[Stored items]
(* Let $G$ be a finite group of nilpotency class at most $2$ and $w\in F_2$. Let $e=\exp(G)$, $e'=\exp([G,G])$ and $f=\exp(G/Z(G))$, and for $r\in\mathbb N$ let $\mathcal P_r$ be the set of prime divisors of $r$. Then there exist $m,n\in\mathbb N$ with $\mathcal P_m\subseteq\mathcal P_e$, $\mathcal P_n\subseteq\mathcal P_f$ and $n\le e'$ such that $w(G)=v(G)$ where $v=x^m[x,y^n]$.
   Context: $[a,b]=aba^{-1}b^{-1}$; $x,y$ are the free generators of $F_2$; for $w\in F_2$, $w(G)=\{w(a,b):a,b\in G\}$. Nilpotency class at most 2 means $[G,G]\subseteq Z(G)$. *)

From mathcomp Require Import all_boot all_fingroup all_solvable.
Set Implicit Arguments. Unset Strict Implicit. Unset Printing Implicit Defensive.

(* Elements of the free group F_2 = <x, y>, represented by group terms.
   Every element of F_2 is represented by such a term, and the word map
   depends only on the element represented, so quantifying over terms is
   the same as quantifying over F_2. *)
Inductive word : Type :=
  | wX : word
  | wY : word
  | w1 : word
  | wInv : word -> word
  | wMul : word -> word -> word.

Local Open Scope group_scope.

Fixpoint weval (gT : finGroupType) (w : word) (a b : gT) : gT :=
  match w with
  | wX => a
  | wY => b
  | w1 => 1
  | wInv u => (weval u a b)^-1
  | wMul u v => weval u a b * weval v a b
  end.

Definition word_image (gT : finGroupType) (w : word) (G : {set gT}) : {set gT} :=
  [set weval w a b | a in G, b in G].

(* Commutator with the paper's convention [a,b] = a b a^-1 b^-1. *)
Definition pcomm (gT : finGroupType) (a b : gT) : gT := a * b * a^-1 * b^-1.

Definition vword (m n : nat) : word :=
  let fix pw (u : word) (k : nat) : word :=
    match k with 0 => w1 | k'.+1 => wMul (pw u k') u end in
  let xm := pw wX m in
  let yn := pw wY n in
  wMul xm (wMul (wMul (wMul wX yn) (wInv wX)) (wInv yn)).

Definition class_le2 (gT : finGroupType) (G : {group gT}) : bool :=
  [~: G, G] \subset 'Z(G).

Definition prime_divs (r : nat) : pred nat := [pred p | prime p && (p %| r)%N].

(* In a group of class at most 2 commutators are central and bilinear, so on G
   every word map has the normal form (a, b) |-> a^r b^s [~ a, b]^t.  The image
   of such a map does not change when a and b are swapped, when a is replaced
   by a b^k, or when r, s, t are reduced modulo exp(G); Euclid's algorithm on
   (r, s), and then on (gcd(r, s), exp(G)), reduces it to a^m [~ a, b]^t with
   m | exp(G).  Finally [~ a, b]^t = [~ a, b^t] only depends on b^t modulo
   Z(G), so t may be replaced by n = gcd(t, exp(G/Z(G))), and exp(G/Z(G))
   divides exp([G, G]). *)

From mathcomp Require Import all_boot all_fingroup all_solvable.
Set Implicit Arguments. Unset Strict Implicit. Unset Printing Implicit Defensive.
Local Open Scope group_scope.

Lemma imset2_subset (aT1 aT2 rT : finType) (f g : aT1 -> aT2 -> rT)
    (A1 : {pred aT1}) (A2 : {pred aT2}) :
  {in A1 & A2, forall x y,
     exists2 x', x' \in A1 & exists2 y', y' \in A2 & f x y = g x' y'} ->
  [set f x y | x in A1, y in A2] \subset [set g x y | x in A1, y in A2].
Proof.
move=> fg; apply/subsetP=> _ /imset2P[x y xA yA ->].
by have [x' x'A [y' y'A ->]] := fg x y xA yA; apply: imset2_f.
Qed.

Lemma expgV_exponent (gT : finGroupType) (G : {group gT}) (x : gT) :
  x \in G -> x^-1 = x ^+ (exponent G).-1.
Proof.
move=> xG; apply/eqP; rewrite eq_invg_mul -expgS prednK ?exponent_gt0 //.
exact/eqP/expg_exponent.
Qed.

(* d.-1 acts as -1 modulo d, so the left-hand side is s - (s %/ r) * r. *)
Lemma modn_sub_multiple (d r s : nat) :
  0 < d -> s %/ r * d.-1 * r + s = s %% r %[mod d].
Proof.
case: d => // p _; rewrite {2}(divn_eq s r) addnA -mulnA (mulnC p) mulnA.
by rewrite -mulnSr modnMDl.
Qed.

Definition wmono (gT : finGroupType) (r s t : nat) (a b : gT) : gT :=
  a ^+ r * b ^+ s * [~ a, b] ^+ t.

Fixpoint wpow (u : word) (k : nat) : word :=
  if k is k'.+1 then wMul (wpow u k') u else w1.

Lemma weval_wpow (gT : finGroupType) (u : word) (k : nat) (a b : gT) :
  weval (wpow u k) a b = weval u a b ^+ k.
Proof. by elim: k => //= k ->; rewrite expgSr. Qed.

Lemma vwordE (m n : nat) :
  vword m n = wMul (wpow wX m)
                (wMul (wMul (wMul wX (wpow wY n)) (wInv wX)) (wInv (wpow wY n))).
Proof. by []. Qed.

Section ClassTwo.

Variables (gT : finGroupType) (G : {group gT}).
Hypothesis cl2G : class_le2 G.

Local Notation e := (exponent G).
Local Notation f := (exponent (G / 'Z(G))).

Lemma commute_commg (x y z : gT) :
  x \in G -> y \in G -> z \in G -> commute z [~ x, y].
Proof.
move=> xG yG zG; have /centerP[_ cZ] : [~ x, y] \in 'Z(G).
  exact: subsetP cl2G _ (mem_commg xG yG).
exact: commute_sym (cZ z zG).
Qed.

Lemma commgXX (a b : gT) (i j : nat) :
  a \in G -> b \in G -> [~ a ^+ i, b ^+ j] = [~ a, b] ^+ (i * j).
Proof. by move=> aG bG; apply: commXXg; apply: commute_commg. Qed.

Lemma commg_sym (a b : gT) :
  a \in G -> b \in G -> [~ b, a] = [~ a, b] ^+ e.-1.
Proof. by move=> aG bG; rewrite -invg_comm (expgV_exponent (groupR aG bG)). Qed.

Lemma wmonoM (r1 s1 t1 r2 s2 t2 : nat) (a b : gT) : a \in G -> b \in G ->
  wmono r1 s1 t1 a b * wmono r2 s2 t2 a b =
  wmono (r1 + r2) (s1 + s2) (t1 + t2 + e.-1 * (s1 * r2)) a b.
Proof.
move=> aG bG; rewrite /wmono.
have cC z k : z \in G -> commute z ([~ a, b] ^+ k).
  by move=> zG; apply/commuteX/commute_commg.
have ba : b ^+ s1 * a ^+ r2 = a ^+ r2 * b ^+ s1 * [~ a, b] ^+ (e.-1 * (s1 * r2)).
  by rewrite commgC commgXX // commg_sym // -expgM.
rewrite !expgD !mulgA -(mulgA _ ([~ a, b] ^+ t1)) -(cC _ t1 (groupX r2 aG)).
rewrite mulgA -(mulgA _ ([~ a, b] ^+ t1)) -(cC _ t1 (groupX s2 bG)) !mulgA.
rewrite -(mulgA (a ^+ r1)) ba !mulgA -(mulgA _ _ (b ^+ s2)) -(cC _ _ (groupX s2 bG)).
by rewrite -!mulgA; do 4 congr (_ * _); rewrite -!expgD addnC addnA.
Qed.

Lemma wmonoX (r s t k : nat) : exists r' s' t',
  {in G &, forall a b, wmono r s t a b ^+ k = wmono r' s' t' a b}.
Proof.
elim: k => [|k [r' [s' [t' IH]]]].
  by exists 0%N, 0%N, 0%N => a b _ _; rewrite /wmono !expg0 !mulg1.
by do 3!eexists; move=> a b aG bG; rewrite expgSr IH // wmonoM.
Qed.

Lemma weval_wmono (w : word) : exists r s t,
  {in G &, forall a b, weval w a b = wmono r s t a b}.
Proof.
elim: w => [|||u [r [s [t IH]]]|u [r1 [s1 [t1 IH1]]] v [r2 [s2 [t2 IH2]]]].
- by exists 1%N, 0%N, 0%N => a b _ _; rewrite /wmono expg1 !expg0 !mulg1.
- by exists 0%N, 1%N, 0%N => a b _ _; rewrite /wmono expg1 !expg0 mulg1 mul1g.
- by exists 0%N, 0%N, 0%N => a b _ _; rewrite /wmono !expg0 !mulg1.
- have [r' [s' [t' IHe]]] := wmonoX r s t e.-1.
  exists r', s', t' => a b aG bG /=.
  by rewrite IH // -IHe // -expgV_exponent // !groupM ?groupX ?groupR.
- by do 3!eexists; move=> a b aG bG /=; rewrite IH1 // IH2 // wmonoM.
Qed.

Definition mono_image (r s t : nat) : {set gT} :=
  [set wmono r s t a b | a in G, b in G].

Lemma word_image_mono (w : word) :
  exists r s t, word_image w G = mono_image r s t.
Proof.
have [r [s [t wE]]] := weval_wmono w.
by exists r, s, t; apply: eq_in_imset2.
Qed.

Lemma mono_image_swap (r s t : nat) :
  mono_image r s t = mono_image s r (e.-1 * (r * s + t)).
Proof.
have wmono_swap a b : a \in G -> b \in G ->
    wmono r s t b a = wmono s r (e.-1 * (r * s + t)) a b.
  move=> aG bG; rewrite /wmono (commgC (b ^+ r)) commgXX // commg_sym // -!expgM.
  by rewrite -mulgA -expgD mulnDr.
by apply/eqP; rewrite eqEsubset !imset2_subset // => a b aG bG;
  exists b => //; exists a => //; rewrite wmono_swap.
Qed.

Lemma wmono_translate (r s t k : nat) (a b : gT) : a \in G -> b \in G ->
  wmono r s t (a * b ^+ k) b = wmono r (k * r + s) (t + e.-1 * (k * 'C(r, 2))) a b.
Proof.
move=> aG bG; have bkG : b ^+ k \in G by rewrite groupX.
rewrite /wmono expMg_Rmul; try exact: commute_commg.
rewrite (commMgJ a (b ^+ k) b).
have -> : [~ b ^+ k, b] = 1 by apply/eqP/commgP/commute_sym/commuteX.
have -> : [~ a, b] ^ b ^+ k = [~ a, b].
  by rewrite conjgE -(commute_commg aG bG bkG) mulKg.
rewrite mulg1 (commXg k (commute_commg bG aG bG)) commg_sym // -!expgM.
rewrite !expgD -!mulgA.
congr (_ * (_ * _)); rewrite mulgA !mulnA.
rewrite -(commuteX _ (commute_commg aG bG (groupX s bG))) -mulgA.
by congr (_ * _); apply: commuteX2.
Qed.

Lemma mono_image_translate (r s t k : nat) :
  mono_image r s t = mono_image r (k * r + s) (t + e.-1 * (k * 'C(r, 2))).
Proof.
apply/eqP; rewrite eqEsubset !imset2_subset // => a b aG bG.
- exists (a * b ^+ k); first by rewrite groupM ?groupX.
  by exists b; rewrite ?wmono_translate.
- exists (a * (b ^+ k)^-1); first by rewrite groupM ?groupV ?groupX.
  exists b => //; rewrite -[in LHS](mulgKV (b ^+ k) a) wmono_translate //.
  by rewrite groupM ?groupV ?groupX.
Qed.

Lemma mono_image_mod (r s t r' s' t' : nat) :
  r = r' %[mod e] -> s = s' %[mod e] -> t = t' %[mod e] ->
  mono_image r s t = mono_image r' s' t'.
Proof.
have expE x k k' : x \in G -> k = k' %[mod e] -> x ^+ k = x ^+ k'.
  by move=> xG Ek; rewrite -(expg_mod k (expg_exponent xG)) Ek expg_mod ?expg_exponent.
move=> Er Es Et; apply: eq_in_imset2 => a b aG bG.
by rewrite /wmono (expE a r r') ?(expE b s s') ?(expE _ t t') ?groupR.
Qed.

Lemma mono_image_modr (r s t : nat) :
  exists t', mono_image r s t = mono_image r (s %% r) t'.
Proof.
rewrite (mono_image_translate _ _ _ (s %/ r * e.-1)).
exists (t + e.-1 * (s %/ r * e.-1 * 'C(r, 2)))%N.
by apply: mono_image_mod => //; rewrite modn_sub_multiple ?exponent_gt0.
Qed.

Lemma mono_image_gcd (r s t : nat) :
  exists t', mono_image r s t = mono_image (gcdn r s) 0 t'.
Proof.
elim/ltn_ind: r s t => -[|r] IH s t.
  by rewrite gcd0n; eexists; apply: mono_image_swap.
have [t1 ->] := mono_image_modr r.+1 s t.
rewrite mono_image_swap.
have [t2 ->] := IH _ (ltn_pmod s (ltn0Sn r)) r.+1 (e.-1 * (r.+1 * (s %% r.+1) + t1))%N.
by exists t2; rewrite gcdn_modl gcdnC.
Qed.

Lemma weval_vword (m n : nat) (a b : gT) : a \in G -> b \in G ->
  weval (vword m n) a b = a ^+ m * [~ a, b ^+ n].
Proof.
move=> aG bG; rewrite vwordE /= !weval_wpow /=; congr (_ * _).
have bnG : b ^+ n \in G by rewrite groupX.
have -> : a * b ^+ n * a^-1 * (b ^+ n)^-1 = [~ a^-1, (b ^+ n)^-1].
  by rewrite /commg conjgE !invgK !mulgA.
have cbn := commute_commg aG bnG bnG; have ca := commute_commg aG bnG aG.
by rewrite commVg ?commgV ?invgK //; apply: commuteV.
Qed.

Lemma expg_exponent_quo_center (b : gT) : b \in G -> b ^+ f \in 'Z(G).
Proof.
move=> bG; have bN : b \in 'N('Z(G)) by rewrite (subsetP (normal_norm (center_normal G))).
apply: coset_idr; first by rewrite groupX.
by rewrite morphX // expg_exponent // mem_quotient.
Qed.

Lemma commg_expg_exponent_quo (a b : gT) : a \in G -> b \in G -> [~ a, b] ^+ f = 1.
Proof.
move=> aG bG; rewrite -commgX; last exact: commute_commg.
apply/eqP/commgP/commute_sym.
by have /centerP[_] := expg_exponent_quo_center bG; apply.
Qed.

Lemma exponent_quo_center_dvdn : f %| exponent [~: G, G].
Proof.
apply/exponentP=> _ /morphimP[a aN aG ->]; rewrite -morphX //.
apply/coset_id/centerP; split=> [|b bG]; first by rewrite groupX.
apply/commgP; rewrite (commXg _ (commute_commg aG bG aG)).
by rewrite expg_exponent ?mem_commg.
Qed.

Lemma mono_image_vword (m t : nat) :
  mono_image m 0 t = word_image (vword m (gcdn t f)) G.
Proof.
have f_gt0 : 0 < f := exponent_gt0 _.
rewrite /word_image; set n := gcdn t f.
apply/eqP; rewrite eqEsubset !imset2_subset // => a b aG bG.
- (* f divides n + u * t and kills [~ a, b], so [~ a, b]^n = [~ a, b^-u]^t. *)
  have [u _ dvd_f] := Bezoutl t f_gt0.
  exists a => //; exists (b ^+ u)^-1; first by rewrite groupV groupX.
  rewrite weval_vword // /wmono expg0 mulg1; congr (_ * _).
  have cb := commute_commg aG bG bG.
  rewrite commgV; last exact: commute_commg aG (groupX u bG) (groupX u bG).
  rewrite !(commgX _ cb) expgVn -expgM; apply/esym/eqP.
  rewrite eq_invg_mul -expgD -order_dvdn.
  apply: dvdn_trans (_ : f %| _); first by rewrite order_dvdn commg_expg_exponent_quo.
  by rewrite addnC /n gcdnC.
- exists a => //; exists (b ^+ (t %/ n)); first by rewrite groupX.
  rewrite weval_vword ?groupX // /wmono expg0 mulg1 -expgM divnK ?dvdn_gcdl //.
  by rewrite commgX //; apply: commute_commg.
Qed.

End ClassTwo.

Lemma prime_divs_dvdn (d n : nat) :
  d %| n -> {subset prime_divs d <= prime_divs n}.
Proof. by move=> dn p /andP[pp pd]; rewrite inE pp (dvdn_trans pd dn). Qed.

Theorem lemma3p6 (gT : finGroupType) (G : {group gT}) (w : word) :
  class_le2 G ->
  exists m n : nat,
    {subset prime_divs m <= prime_divs (exponent G)} /\
    {subset prime_divs n <= prime_divs (exponent (G / 'Z(G)))} /\
    (n <= exponent [~: G, G])%N /\
    word_image w G = word_image (vword m n) G.
Proof.
move=> cl2G; have [r [s [t ->]]] := word_image_mono cl2G w.
have [t1 ->] := mono_image_gcd cl2G r s t.
rewrite (mono_image_mod (r' := gcdn r s) (s' := exponent G) (t' := t1)) //;
  last by rewrite mod0n modnn.
have [t2 ->] := mono_image_gcd cl2G (gcdn r s) (exponent G) t1.
rewrite mono_image_vword //.
exists (gcdn (gcdn r s) (exponent G)), (gcdn t2 (exponent (G / 'Z(G)))).
split; [|split; [|split]] => //; try exact/prime_divs_dvdn/dvdn_gcdr.
apply: dvdn_leq (exponent_gt0 _) _.
exact: dvdn_trans (dvdn_gcdr _ _) (exponent_quo_center_dvdn cl2G).
Qed.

■ Activity: Please copy the lines in the records above between the one holding "apply/coset_id/centerP; split=> [|b" and the one holding "rewrite /word_image; set n := gcdn t f.", inclusive, exactly and with no other line.

■ Answer section:
apply/coset_id/centerP; split=> [|b bG]; first by rewrite groupX.
apply/commgP; rewrite (commXg _ (commute_commg aG bG aG)).
by rewrite expg_exponent ?mem_commg.
Qed.

Lemma mono_image_vword (m t : nat) :
  mono_image m 0 t = word_image (vword m (gcdn t f)) G.
Proof.
have f_gt0 : 0 < f := exponent_gt0 _.
rewrite /word_image; set n := gcdn t f.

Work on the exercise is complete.